The question is asking to find consecutive in the final string u for each L…R and need linear solution. So we get an intuition from here that we want a relation of between regular string and how duplicates in it matches with our final result

case 1: 0010
Here are all possible u we can have for all [L,R]
1010 - 0   A
1110 - 2   B
1100 - 2   C
1101 - 1   D
0110 - 1   E
0100 - 1   F
0101 - 0   G
0000 - 3   H
0001 - 2   I
0011 - 2   J
= 14

‘00’ this duplicate pair will remain duplicate if this range entirely gets flipped to ‘11’ or didn’t get flipped at all and remain ‘00’ which is happening B, C, D, H, I, J. i.e. 6 times so in final ans it will correspond to += 6.
Lets generalise this number 6. Total number of ranges we have is (n*(n+1))/2 since ranges of size n is 1, n-1 is 2, n-2 is 3 and so on till n so summing them up we get it. Now from all range we want to subtract the ones which are partially flipping our ‘00’ duplicate pair. Visualising it is easier that there will be n such pairs one from. So making it overall ans += (n*(n+1))/2 - n

In case the values are not same so ‘01’ then if there’s a partial flip then it can change our value to duplicates ‘00’ ‘11’ and we already calculated how many partial overlaps can be there it is n. So in this case ans += n. In this example B, E, H, I corresponds to it.

PROBLEM 5: FREQFUN
In this problem there’s originally an array S lets say [0 0 1 2 2 5] and the chef forgets some of its element denoted by -1 giving A [0 0 -1 2 2 5] He made a copy of count for the original array S in B [2 1 2 0 0 1] and based on B he again make a count array from B i.e G [ 2 2 2 0 0 0 0] here G[i] is count of i in array B that’s why it’s length is N+1 because in B it can happen that all elements are same.

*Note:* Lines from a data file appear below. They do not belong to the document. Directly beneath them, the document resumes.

Lemma vnorm_vsub_triangle p q r : vnorm (vsub q p) <= vnorm (vsub q r) + vnorm (vsub r p).
Proof. replace (vsub q p) with (vadd (vsub q r) (vsub r p)) by vec_eq. apply vnorm_triangle. Qed.

Lemma vnorm_vscal a v : vnorm (vscal a v) = Rabs a * vnorm v.
Proof.
  unfold vnorm, vscal; simpl.
  replace (a * fst v * (a * fst v) + a * snd v * (a * snd v))
    with ((a * a) * (fst v * fst v + snd v * snd v)) by ring.
  rewrite sqrt_mult_alt by nra. rewrite <- sqrt_Rsqr_abs. reflexivity.
Qed.

Lemma vnorm_vopp v : vnorm (vscal (-1) v) = vnorm v.
Proof. rewrite vnorm_vscal, Rabs_left by lra. ring. Qed.

Lemma vnorm_vsub_sym p q : vnorm (vsub p q) = vnorm (vsub q p).
Proof. replace (vsub p q) with (vscal (-1) (vsub q p)) by vec_eq. apply vnorm_vopp. Qed.

Lemma vnorm_vzero : vnorm vzero = 0.
Proof. unfold vnorm; simpl. rewrite Rmult_0_l, Rplus_0_l. apply sqrt_0. Qed.

Lemma vnorm_eq0 v : vnorm v = 0 -> v = vzero.
Proof.
  intro H. pose proof (Rabs_fst_le_vnorm v); pose proof (Rabs_snd_le_vnorm v).
  pose proof (Rabs_pos (fst v)); pose proof (Rabs_pos (snd v)).
  destruct v as [x y]; simpl in *. unfold vzero.
  f_equal; apply NNPP; intro Hne; apply Rabs_no_R0 in Hne; lra.
Qed.

Lemma vnorm_le_eps_eq0 v : (forall eps, 0 < eps -> vnorm v <= eps) -> v = vzero.
Proof.
  intro H. apply vnorm_eq0. pose proof (vnorm_ge0 v).
  destruct (Rle_lt_or_eq_dec 0 (vnorm v)) as [Hlt|]; auto.
  specialize (H (vnorm v / 2)). lra.
Qed.

Lemma vsub_eq0 u v : vsub u v = vzero -> u = v.
Proof. destruct u, v; unfold vsub, vzero; simpl; intro E; injection E; intros; f_equal; lra. Qed.

Lemma vadd_vsub u t : vadd (vsub u t) t = u.
Proof. destruct u; vec_eq. Qed.

Lemma vsub_vadd u t : vsub (vadd u t) t = u.
Proof. destruct u; vec_eq. Qed.

Lemma vsub_vadd_l u r : vsub (vadd u r) u = r.
Proof. destruct u, r; vec_eq. Qed.

Lemma vadd_comm_assoc p k t : vadd (vadd p k) t = vadd (vadd p t) k.
Proof. destruct p; vec_eq. Qed.

Lemma isZ_IZR z : isZ (IZR z).
Proof. exists z; reflexivity. Qed.

Lemma isZ_add x y : isZ x -> isZ y -> isZ (x + y).
Proof. intros [a ->] [b ->]. rewrite <- plus_IZR. apply isZ_IZR. Qed.

Lemma isZ_mul x y : isZ x -> isZ y -> isZ (x * y).
Proof. intros [a ->] [b ->]. rewrite <- mult_IZR. apply isZ_IZR. Qed.

Lemma isZ_small x : isZ x -> Rabs x < 1 -> x = 0.
Proof.
  intros [z ->] H. apply Rabs_def2 in H. destruct H as [H1 H2].
  rewrite <- opp_IZR in H2. apply lt_IZR in H1, H2. replace z with 0%Z by lia. reflexivity.
Qed.

Lemma isZ2_vzero : isZ2 vzero.
Proof. split; apply (isZ_IZR 0). Qed.

Lemma isZ2_small k : isZ2 k -> vnorm k < 1 -> k = vzero.
Proof.
  intros [H1 H2] H. pose proof (Rabs_fst_le_vnorm k); pose proof (Rabs_snd_le_vnorm k).
  destruct k; unfold vzero; f_equal; apply isZ_small; simpl in *; auto; lra.
Qed.

Lemma mapply_vadd M u v : mapply M (vadd u v) = vadd (mapply M u) (mapply M v).
Proof. unfold mapply, vadd; simpl; f_equal; ring. Qed.

Lemma mapply_vscal M t v : mapply M (vscal t v) = vscal t (mapply M v).
Proof. unfold mapply, vscal; simpl; f_equal; ring. Qed.

Lemma mapply_mmul M N v : mapply (mmul M N) v = mapply M (mapply N v).
Proof. unfold mapply, mmul; simpl; f_equal; ring. Qed.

Now we are given G and A and we need to find lexiographically smallest S possible in case it’s impossible we just need to print “impossible”

First thing which is pretty obvious that if we sum up all elements of G we should always get n if not then the ans is “impossible”. First thing we can do is we can find an scrambled version of B which is sorted (storing it in multiset) so for the above example it’s 001122. We can also create B based on A (excluding -1s) so for above example we get 2 0 2 0 0 1. Now what we can do is we traverse from end to start in our B array which we created from given A and for every element we try to find it in our scrambled B which we created from G. If we take lower bound and the value matched is lesser means that element isn’t right so we push back that index to our answer.

Finally we traverse our ans list in reverse in order to get the lexiographic smallest answer and we get our answer. Other impossible scenerios can be if the elements in Gs becomes empty then to avoid runtime error print “impossible” and also if we didn’t find answers corresponding to every -1s present that means our G array is contradictory with our A array.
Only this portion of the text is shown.